Within the data that follows, set down exactly the lines from the one containing "From HB Require Import structures." through the one containing "Definition eclosed m", both ends included.
=== Listed entries ===
(* Let $\mathbb X,\mathbb Y$ be Euclidean spaces, $g\colon\mathbb X\to\mathbb Y$ continuous, $D\subset\mathbb Y$ closed, $\Phi(x):=g(x)-D$, $(\bar x,0)\in\operatorname{gph}\Phi$, $u\in\mathbb S_{\mathbb X}$, and assume $g$ is calm in direction $u$ at $\bar x$. Let $\mathcal E=\{e_1,\dots,e_m\}$ be an orthonormal basis of $\mathbb Y$. Consider condition (N): there do not exist $v\in\mathbb Y$ and a nonzero $\lambda\in\mathcal N_D(g(\bar x);v)$ with $0\in D^*g(\bar x;(u,v))(\lambda)$ for which there are sequences $x_k\in\mathbb X$ with $x_k\ne\bar x$, $z_k\in D$, $\lambda_k\in\mathbb Y$, $\eta_k\in\mathbb X$ satisfying $x_k\to\bar x$, $z_k\to g(\bar x)$, $\lambda_k\to\lambda$, $\eta_k\to0$, $\frac{x_k-\bar x}{\|x_k-\bar x\|}\to u$, $\frac{z_k-g(\bar x)}{\|x_k-\bar x\|}\to v$, $\frac{g(x_k)-g(\bar x)}{\|x_k-\bar x\|}\to v$, and for all $k$ and $i$: $\eta_k\in\widehat D^*g(x_k)(\lambda_k)$, $\lambda_k\in\widehat{\mathcal N}_D(z_k)$, and $\langle\lambda,e_i\rangle\langle g(x_k)-z_k,e_i\rangle>0$ whenever $\langle\lambda,e_i\rangle\ne0$. If (N) holds, then $\Phi$ is quasi-normal in direction $u$ at $(\bar x,0)$ w.r.t. $\mathcal E$. Moreover, if $g$ is calm at every point near $\bar x$, then (N) is equivalent to quasi-normality of $\Phi$ in direction $u$ at $(\bar x,0)$ w.r.t. $\mathcal E$.
   Context: $g$ is calm at $x$ in direction $u$ if there are $\varepsilon,\delta,L>0$ with $\|g(x')-g(x)\|\le L\|x'-x\|$ for all $x'\in x+\mathbb B_{\varepsilon,\delta}(u)$, where $\mathbb B_{\varepsilon,\delta}(u)=\{w\mid\|\|w\|u-\|u\|w\|\le\delta\|u\|\|w\|,\ \|w\|\le\varepsilon\}$; calm at $x$ means this with $u=0$. $\widehat{\mathcal N}$ is the regular normal cone, $\mathcal N_Q(z;w)$ the directional limiting normal cone (all $\eta$ with $w_k\to w$, $t_k\downarrow0$, $\eta_k\to\eta$, $\eta_k\in\widehat{\mathcal N}_Q(z+t_kw_k)$). For single-valued $g$: $\widehat D^*g(x)(\lambda)=\{x^*\mid(x^*,-\lambda)\in\widehat{\mathcal N}_{\operatorname{gph}g}(x,g(x))\}$ and $D^*g(\bar x;(u,v))(\lambda)=\{x^*\mid(x^*,-\lambda)\in\mathcal N_{\operatorname{gph}g}((\bar x,g(\bar x));(u,v))\}$; for set-valued $\Phi$, $\widehat D^*\Phi$ and $D^*\Phi((\bar x,\bar y);(u,v))$ are defined analogously with $\operatorname{gph}\Phi$. Quasi-normality in direction $u$ at $(\bar x,0)$ w.r.t. $\mathcal E$: there is no nonzero $\lambda$ with $0\in D^*\Phi((\bar x,0);(u,0))(\lambda)$ for which there exist $(x_k,y_k)\in\operatorname{gph}\Phi$ with $x_k\ne\bar x$, $\lambda_k$, $\eta_k$ with $x_k\to\bar x$, $y_k\to0$, $\lambda_k\to\lambda$, $\eta_k\to0$, $\frac{x_k-\bar x}{\|x_k-\bar x\|}\to u$, $\frac{y_k}{\|x_k-\bar x\|}\to0$, and for all $k,i$: $\eta_k\in\widehat D^*\Phi(x_k,y_k)(\lambda_k)$ and $\langle\lambda,e_i\rangle\langle y_k,e_i\rangle>0$ whenever $\langle\lambda,e_i\rangle\ne0$. *)

From HB Require Import structures.
From mathcomp Require Import all_boot all_order all_algebra.
From mathcomp Require Import reals.
Set Implicit Arguments. Unset Strict Implicit. Unset Printing Implicit Defensive.
Import Order.TTheory GRing.Theory Num.Theory.
Local Open Scope ring_scope.

Section Defs.
Variable R : realType.

Definition dotv n (a b : 'rV[R]_n) : R := \sum_(i < n) a ord0 i * b ord0 i.
Definition enorm n (a : 'rV[R]_n) : R := Num.sqrt (dotv a a).

Definition dotp n m (a b : 'rV[R]_n * 'rV[R]_m) : R := dotv a.1 b.1 + dotv a.2 b.2.
Definition enormp n m (a : 'rV[R]_n * 'rV[R]_m) : R := Num.sqrt (dotp a a).

Definition cvgR (s : nat -> R) (l : R) : Prop :=
  forall eps : R, 0 < eps -> exists N : nat, forall k : nat, (N <= k)%N -> `|s k - l| < eps.
Definition cvgv n (s : nat -> 'rV[R]_n) (l : 'rV[R]_n) : Prop :=
  forall eps : R, 0 < eps -> exists N : nat, forall k : nat, (N <= k)%N -> enorm (s k - l) < eps.
Definition cvgp n m (s : nat -> 'rV[R]_n * 'rV[R]_m) (l : 'rV[R]_n * 'rV[R]_m) : Prop :=
  forall eps : R, 0 < eps -> exists N : nat, forall k : nat, (N <= k)%N ->
    enormp (((s k).1 - l.1), ((s k).2 - l.2)) < eps.

Definition econt n m (g : 'rV[R]_n -> 'rV[R]_m) : Prop :=
  forall x eps, 0 < eps -> exists delta, 0 < delta /\
    forall x', enorm (x' - x) < delta -> enorm (g x' - g x) < eps.
Definition eclosed m (D : 'rV[R]_m -> Prop) : Prop :=
  forall (s : nat -> 'rV[R]_m) l, (forall k, D (s k)) -> cvgv s l -> D l.

(* regular (Fréchet) normal cone; empty outside the set *)
Definition rnormal n (Q : 'rV[R]_n -> Prop) (z eta : 'rV[R]_n) : Prop :=
  Q z /\ forall eps, 0 < eps -> exists delta, 0 < delta /\
    forall z', Q z' -> enorm (z' - z) < delta -> dotv eta (z' - z) <= eps * enorm (z' - z).
Definition rnormalp n m (Q : 'rV[R]_n * 'rV[R]_m -> Prop)
    (z eta : 'rV[R]_n * 'rV[R]_m) : Prop :=
  Q z /\ forall eps, 0 < eps -> exists delta, 0 < delta /\
    forall z', Q z' -> enormp (z'.1 - z.1, z'.2 - z.2) < delta ->
      dotp eta (z'.1 - z.1, z'.2 - z.2) <= eps * enormp (z'.1 - z.1, z'.2 - z.2).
===
Response box:
From HB Require Import structures.
From mathcomp Require Import all_boot all_order all_algebra.
From mathcomp Require Import reals.
Set Implicit Arguments. Unset Strict Implicit. Unset Printing Implicit Defensive.
Import Order.TTheory GRing.Theory Num.Theory.
Local Open Scope ring_scope.

Section Defs.
Variable R : realType.

Definition dotv n (a b : 'rV[R]_n) : R := \sum_(i < n) a ord0 i * b ord0 i.
Definition enorm n (a : 'rV[R]_n) : R := Num.sqrt (dotv a a).

Definition dotp n m (a b : 'rV[R]_n * 'rV[R]_m) : R := dotv a.1 b.1 + dotv a.2 b.2.
Definition enormp n m (a : 'rV[R]_n * 'rV[R]_m) : R := Num.sqrt (dotp a a).

Definition cvgR (s : nat -> R) (l : R) : Prop :=
  forall eps : R, 0 < eps -> exists N : nat, forall k : nat, (N <= k)%N -> `|s k - l| < eps.
Definition cvgv n (s : nat -> 'rV[R]_n) (l : 'rV[R]_n) : Prop :=
  forall eps : R, 0 < eps -> exists N : nat, forall k : nat, (N <= k)%N -> enorm (s k - l) < eps.
Definition cvgp n m (s : nat -> 'rV[R]_n * 'rV[R]_m) (l : 'rV[R]_n * 'rV[R]_m) : Prop :=
  forall eps : R, 0 < eps -> exists N : nat, forall k : nat, (N <= k)%N ->
    enormp (((s k).1 - l.1), ((s k).2 - l.2)) < eps.

Definition econt n m (g : 'rV[R]_n -> 'rV[R]_m) : Prop :=
  forall x eps, 0 < eps -> exists delta, 0 < delta /\
    forall x', enorm (x' - x) < delta -> enorm (g x' - g x) < eps.
Definition eclosed m (D : 'rV[R]_m -> Prop) : Prop :=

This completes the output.